17 Jul 2020
I’m finding these days bruising. Between my wife and I we have 8 days of work to squeeze into 5 days each week. We are sharing the time with our children, so that one works in (peaceful) isolation, while the other is a mixture of referee, teacher and bringer of light relief to our children. My particular struggle is disproportionate disappointment when the children demonstrate that they are … children. That is, they are prone to accidents, likely to discourage each other and sometimes lost in bouts of frustration. In short, my children need me to parent them! I often get to the end of the day needing to apologise to them. It’s not quite a daily routine, but it feels like it. I wake up, praying and hoping for days of love, patience and encouragement. We pray for this together. Yesterday afternoon, we celebrated together how God had answered our prayers - we had peace as we worked and peace in the local park. (I chose not to highlight what had happened in our morning!)
This is just my story. Lockdown means that the spectrum of experience will be even wider than normal. After recording a podcast with Dr Duncan Forbes on “Lockdown on an estate,” I am very aware that this season makes difficult lives much harder. Those without income, space, loving company or health will be needing far more of the Lord’s grace.
Dearly loved children
In our podcast series for families in lockdown we’ve been looking at Ephesians. These verses speak of the gentleness and grace that we show one another in the big Christian family, and that we surely aim to show one another in our smaller lockdown families:
Be kind and compassionate to one another, forgiving each other, just as in Christ God forgave you. Follow God’s example, therefore, as dearly loved children and live a life of love, just as Christ loved us and gave himself up for us as a fragrant offering and sacrifice to God. (Ephesians 4:32-5:2)
Before we are parents, we are dearly loved children. We have a Father. We are loved. We have been forgiven. We have had another serve us (when we were unappreciative and mono-syllabic in response).
Whether we are parents, or those who work with parents, let us keep remembering that our goal now, as always, is to follow God’s example, living lives of love. That may not feel productive, when our work commitments mount. That may not feel successful, when our time together feels like hard graft without visible fruit. However, parenting has always been about fruitful growth; organically slow, hard to discern by sight, needing constant care to nurture and requiring an eye firmly on the future when the harvest will come.
Telling the story
We at Faith in Kids, are in the strange position of being more able to help families in this season than we are normally. We love the stories we’re hearing of God using our efforts to bring some families closer to Christ. We all need to hear stories of hope and encouragement. We are all in some form of isolation. We need to hear that God is at work in others, as we pray he is in us. We are prevented from doing many things at the moment, but we are still able to live as children of our heavenly Father. No virus can stop us living as children of the light. For that is what we are.
It is strange to wonder what our children will remember of this time. I am forcing myself to remember that it will not be their fractions, ratios or hard words.

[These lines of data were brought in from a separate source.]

(* Let $\mathcal{X}\subseteq\mathbb{R}^d$ be a nonempty closed convex set and consider the iterates $x_t,z_t$ and step sizes $\gamma_t$ of Algorithm AdaPEG (described in the context), run with arbitrary oracle answers $\widehat{F(x_t)}\in\mathbb{R}^d$. Then for every $t\ge1$, \[\langle\widehat{F(x_t)}-\widehat{F(x_{t-1})},x_t-z_t\rangle\le\frac1{\gamma_t}\left\|\widehat{F(x_t)}-\widehat{F(x_{t-1})}\right\|^2.\]
   Context: $\|\cdot\|$ is the Euclidean norm. Algorithm AdaPEG: $x_0=z_0\in\mathcal{X}$, $\gamma_0\ge0$, $\eta>0$. For $t=1,\dots,T$: $x_t=\arg\min_{u\in\mathcal{X}}\{\langle\widehat{F(x_{t-1})},u\rangle+\tfrac12\gamma_{t-1}\|u-z_{t-1}\|^2\}$; $\gamma_t=\frac1\eta\sqrt{\eta^2\gamma_0^2+\sum_{s=1}^t\|\widehat{F(x_s)}-\widehat{F(x_{s-1})}\|^2}$; $z_t=\arg\min_{u\in\mathcal{X}}\{\langle\widehat{F(x_t)},u\rangle+\tfrac12\gamma_{t-1}\|u-z_{t-1}\|^2+\tfrac12(\gamma_t-\gamma_{t-1})\|u-x_t\|^2\}$. *)

From HB Require Import structures.
From mathcomp Require Import all_boot all_order all_algebra.
From mathcomp Require Import all_classical all_reals all_analysis.
Set Implicit Arguments. Unset Strict Implicit. Unset Printing Implicit Defensive.
Import Order.TTheory GRing.Theory Num.Theory.
Import numFieldNormedType.Exports.
Local Open Scope classical_set_scope.
Local Open Scope ring_scope.

Definition dotp {R : realType} {d : nat} (u v : 'rV[R]_d) : R :=
  \sum_(i < d) u ord0 i * v ord0 i.

Definition enorm {R : realType} {d : nat} (u : 'rV[R]_d) : R :=
  Num.sqrt (dotp u u).

Definition convex_set_Rd {R : realType} {d : nat} (X : set 'rV[R]_d) : Prop :=
  forall x y : 'rV[R]_d, X x -> X y -> forall l : R, 0 <= l -> l <= 1 ->
    X (l *: x + (1 - l) *: y).

Definition is_argmin {R : realType} {d : nat} (X : set 'rV[R]_d)
  (f : 'rV[R]_d -> R) (u : 'rV[R]_d) : Prop :=
  X u /\ forall v, X v -> f u <= f v.

(* The AdaPEG recursion, with oracle answers g t = \widehat{F(x_t)}. *)
Definition AdaPEG {R : realType} {d : nat} (X : set 'rV[R]_d)
  (gamma0 eta : R) (g : nat -> 'rV[R]_d)
  (x z : nat -> 'rV[R]_d) (gamma : nat -> R) : Prop :=
  [/\ x 0%N = z 0%N /\ X (x 0%N), gamma 0%N = gamma0,
      (forall t : nat, (1 <= t)%N ->
         is_argmin X (fun u => dotp (g t.-1) u
                        + 2^-1 * gamma t.-1 * enorm (u - z t.-1) ^+ 2) (x t)),
      (forall t : nat, (1 <= t)%N ->
         gamma t = eta^-1 * Num.sqrt (eta ^+ 2 * gamma0 ^+ 2
                     + \sum_(1 <= s < t.+1) enorm (g s - g s.-1) ^+ 2)) &
      (forall t : nat, (1 <= t)%N ->
         is_argmin X (fun u => dotp (g t) u
                        + 2^-1 * gamma t.-1 * enorm (u - z t.-1) ^+ 2
                        + 2^-1 * (gamma t - gamma t.-1) * enorm (u - x t) ^+ 2) (z t))].

(** Both AdaPEG steps are minimizers over the convex set X, so their
    directional derivatives towards any point of X are nonnegative.  Testing
    the optimality of x_t in the direction of z_t and that of z_t in the
    direction of x_t, and adding, the gamma_(t-1) terms cancel and leave
    gamma_t |x_t - z_t|^2 <= <g_t - g_(t-1), x_t - z_t>.  Expanding
    0 <= |(g_t - g_(t-1)) - gamma_t (x_t - z_t)|^2 turns this coercivity into
    the claimed bound; when gamma_t = 0 the step-size formula forces
    g_t = g_(t-1). *)

From HB Require Import structures.
From mathcomp Require Import all_boot all_order all_algebra.
From mathcomp Require Import all_classical all_reals all_analysis.
From mathcomp Require Import ring lra.
Import Order.TTheory GRing.Theory Num.Theory.
Import numFieldNormedType.Exports.
Local Open Scope classical_set_scope.
Local Open Scope ring_scope.

Section InnerProduct.
Context {R : realType} {d : nat}.
Implicit Types (u v w : 'rV[R]_d) (k : R).

Lemma dotpC u v : dotp u v = dotp v u.
Proof. by apply: eq_bigr => i _; rewrite mulrC. Qed.

Lemma dotpDl u v w : dotp (u + v) w = dotp u w + dotp v w.
Proof. by rewrite /dotp -big_split; apply: eq_bigr => i _; rewrite mxE mulrDl. Qed.

Lemma dotpZl k u v : dotp (k *: u) v = k * dotp u v.
Proof. by rewrite /dotp mulr_sumr; apply: eq_bigr => i _; rewrite mxE mulrA. Qed.

Lemma dotpBl u v w : dotp (u - v) w = dotp u w - dotp v w.
Proof. by rewrite dotpDl -scaleN1r dotpZl mulN1r. Qed.

Lemma dotpDr u v w : dotp w (u + v) = dotp w u + dotp w v.
Proof. by rewrite dotpC dotpDl !(dotpC w). Qed.

Lemma dotpZr k u v : dotp v (k *: u) = k * dotp v u.
Proof. by rewrite dotpC dotpZl dotpC. Qed.

Lemma dotpBr u v w : dotp w (u - v) = dotp w u - dotp w v.
Proof. by rewrite dotpC dotpBl !(dotpC w). Qed.

Lemma dotp0l u : dotp 0 u = 0.
Proof. by rewrite -(scale0r 0) dotpZl mul0r. Qed.

Lemma dotpvv_ge0 u : 0 <= dotp u u.
Proof. by apply: sumr_ge0 => i _; rewrite -expr2 sqr_ge0. Qed.

Lemma dotpvv_eq0 u : dotp u u = 0 -> u = 0.
Proof.
move=> /eqP; rewrite psumr_eq0 => [/allP u0|i _]; last by rewrite -expr2 sqr_ge0.
apply/rowP => i; rewrite mxE; apply/eqP.
by rewrite -sqrf_eq0 expr2; apply: (implyP (u0 i (mem_index_enum i))).
Qed.

Lemma sqr_enorm u : enorm u ^+ 2 = dotp u u.
Proof. by rewrite /enorm sqr_sqrtr // dotpvv_ge0. Qed.

Lemma dotp_shift u h k :
  dotp (u + k *: h) (u + k *: h) = dotp u u + 2 * k * dotp u h + k ^+ 2 * dotp h h.
Proof. by rewrite !dotpDl !dotpDr !dotpZl !dotpZr (dotpC h u); ring. Qed.

Lemma dotp_le_divr_of_coercive (G : R) u w :
  0 <= G -> G * dotp w w <= dotp u w -> (G = 0 -> u = 0) ->
  dotp u w <= G^-1 * dotp u u.
Proof.
rewrite le0r => /orP[/eqP-> _ /(_ erefl)-> | G_gt0 coer _].
  by rewrite dotp0l invr0 mul0r.
have sq_ge0 := dotpvv_ge0 (u + (- G) *: w); rewrite dotp_shift sqrrN in sq_ge0.
have coerG := ler_wpM2l (ltW G_gt0) coer.
by rewrite ler_pdivlMl //; nra.
Qed.

End InnerProduct.

Lemma lin_coef_ge0 (R : realFieldType) (A B : R) :
  (forall l : R, 0 < l -> l <= 1 -> 0 <= l * A + l ^+ 2 * B) -> 0 <= A.
Proof.
move=> small_ge0; rewrite leNgt; apply/negP => A_lt0.
pose k := `|B| + 1; pose l := - A / (k - A).
have k_gt0 : 0 < k by rewrite ltr_pwDr.
have kA_gt0 : 0 < k - A by rewrite subr_gt0 (lt_trans A_lt0).
have l_gt0 : 0 < l by rewrite divr_gt0 // oppr_gt0.
have lkA : l * (k - A) = - A by rewrite mulfVK ?gt_eqF.
have l_le1 : l <= 1 by rewrite ler_pdivrMr // mul1r; lra.
have B_le : B <= k - 1 by rewrite /k addrK real_ler_norm ?num_real.
have := small_ge0 l l_gt0 l_le1.
have : l ^+ 2 * B <= l ^+ 2 * (k - 1) by rewrite ler_wpM2l ?sqr_ge0.
rewrite expr2; nra.
Qed.

Section ConvexArgmin.
Context {R : realType} {d : nat} {X : set 'rV[R]_d}.
Hypothesis convX : convex_set_Rd X.

Lemma argmin_dir_ge0 (f : 'rV[R]_d -> R) u v (L Q : R) :
  is_argmin X f u -> X v ->
  (forall l, f (u + l *: (v - u)) = f u + l * L + l ^+ 2 * Q) -> 0 <= L.
Proof.
move=> [Xu u_min] Xv f_exp; apply: (@lin_coef_ge0 _ _ Q) => l l_gt0 l_le1.
have Xul : X (u + l *: (v - u)).
  have := convX _ _ Xv Xu _ (ltW l_gt0) l_le1.
  by rewrite scalerBl scale1r scalerBr addrCA addrC.
by have := u_min _ Xul; rewrite f_exp; lra.
Qed.

Definition prox_term (a : R) (w u : 'rV[R]_d) : R := 2^-1 * a * enorm (u - w) ^+ 2.

Lemma prox_term_shift a w u h l :
  prox_term a w (u + l *: h) =
  prox_term a w u + l * (a * dotp (u - w) h) + l ^+ 2 * (2^-1 * a * dotp h h).
Proof. by rewrite /prox_term addrAC !sqr_enorm dotp_shift; field. Qed.

Lemma prox_step_opt {c a w u v} :
  is_argmin X (fun y => dotp c y + prox_term a w y) u -> X v ->
  0 <= dotp c (v - u) + a * dotp (u - w) (v - u).
Proof.
move=> u_min Xv.
apply: (@argmin_dir_ge0 _ _ _ _ (2^-1 * a * dotp (v - u) (v - u)) u_min Xv) => l.
by rewrite dotpDr dotpZr prox_term_shift; ring.
Qed.

Lemma prox2_step_opt {c a w b w' u v} :
  is_argmin X (fun y => dotp c y + prox_term a w y + prox_term b w' y) u -> X v ->
  0 <= dotp c (v - u) + a * dotp (u - w) (v - u) + b * dotp (u - w') (v - u).
Proof.
move=> u_min Xv.
apply: (@argmin_dir_ge0 _ _ _ _ (2^-1 * (a + b) * dotp (v - u) (v - u)) u_min Xv) => l.
by rewrite dotpDr dotpZr !prox_term_shift; ring.
Qed.

End ConvexArgmin.

Section AdaPEGStep.
Context {R : realType} {d : nat} {X : set 'rV[R]_d}.
Context {gamma0 eta : R} {g x z : nat -> 'rV[R]_d} {gamma : nat -> R}.
Hypotheses (convX : convex_set_Rd X) (eta_gt0 : 0 < eta).
Hypothesis run : AdaPEG X gamma0 eta g x z gamma.

Lemma AdaPEG_gamma_ge0 t : (1 <= t)%N -> 0 <= gamma t.
Proof.
case: run => _ _ _ gammaE _ t_ge1.
by rewrite gammaE // mulr_ge0 ?sqrtr_ge0 // invr_ge0 ltW.
Qed.

Lemma AdaPEG_gamma_eq0 t : (1 <= t)%N -> gamma t = 0 -> g t = g t.-1.
Proof.
case: run => _ _ _ gammaE _; case: t => // n _; rewrite gammaE // => /eqP.
rewrite mulf_eq0 invr_eq0 gt_eqF //= sqrtr_eq0 big_nat_recr //= sqr_enorm.
have older_ge0 : 0 <= \sum_(1 <= s < n.+1) enorm (g s - g s.-1) ^+ 2.
  by apply: sumr_ge0 => s _; rewrite sqr_ge0.
have init_ge0 : 0 <= eta ^+ 2 * gamma0 ^+ 2 by rewrite mulr_ge0 ?sqr_ge0.
have last_ge0 := dotpvv_ge0 (g n.+1 - g n).
move=> sum_le0; apply/eqP; rewrite -subr_eq0; apply/eqP/dotpvv_eq0; lra.
Qed.

Lemma AdaPEG_coercive t : (1 <= t)%N ->
  gamma t * dotp (x t - z t) (x t - z t) <= dotp (g t - g t.-1) (x t - z t).
Proof.
case: run => _ _ x_min _ z_min t_ge1.
have [Xx _] := x_min t t_ge1; have [Xz _] := z_min t t_ge1.
have x_opt := prox_step_opt convX (x_min t t_ge1) Xz.
have z_opt := prox2_step_opt convX (z_min t t_ge1) Xx.
rewrite /= !dotpBl !dotpBr in x_opt z_opt *.
rewrite !(dotpC (x t) (z t)) !(dotpC (z t.-1) (x t)) !(dotpC (z t.-1) (z t))
  in x_opt z_opt *.
lra.
Qed.

End AdaPEGStep.

Theorem lemmaB4 (R : realType) (d : nat) (X : set 'rV[R]_d)
  (gamma0 eta : R) (g : nat -> 'rV[R]_d)
  (x z : nat -> 'rV[R]_d) (gamma : nat -> R) :
  X !=set0 -> closed X -> convex_set_Rd X ->
  0 <= gamma0 -> 0 < eta ->
  AdaPEG X gamma0 eta g x z gamma ->
  forall t : nat, (1 <= t)%N ->
    dotp (g t - g t.-1) (x t - z t) <= (gamma t)^-1 * enorm (g t - g t.-1) ^+ 2.
Proof.
move=> _ _ convX _ eta_gt0 run t t_ge1.
rewrite sqr_enorm; apply: dotp_le_divr_of_coercive.
- exact: AdaPEG_gamma_ge0 eta_gt0 run t t_ge1.
- exact: AdaPEG_coercive convX run t t_ge1.
- by move=> /(AdaPEG_gamma_eq0 eta_gt0 run t t_ge1) ->; rewrite subrr.
Qed.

They will not recall the daily reports of nationwide deaths. It will be lost to them which of our work deadlines we achieved. They will remember the time spent together. They will remember godly routines (even if they do not last) that for these months sustained their family. They will remember our love, kindness and compassion, our humble repentance when we failed, and our forgiving one another. They will remember us praying together, depending on our heavenly Father.
God bless you as dearly loved children as you live lives of love.
This article first appeared in Evangelicals Now.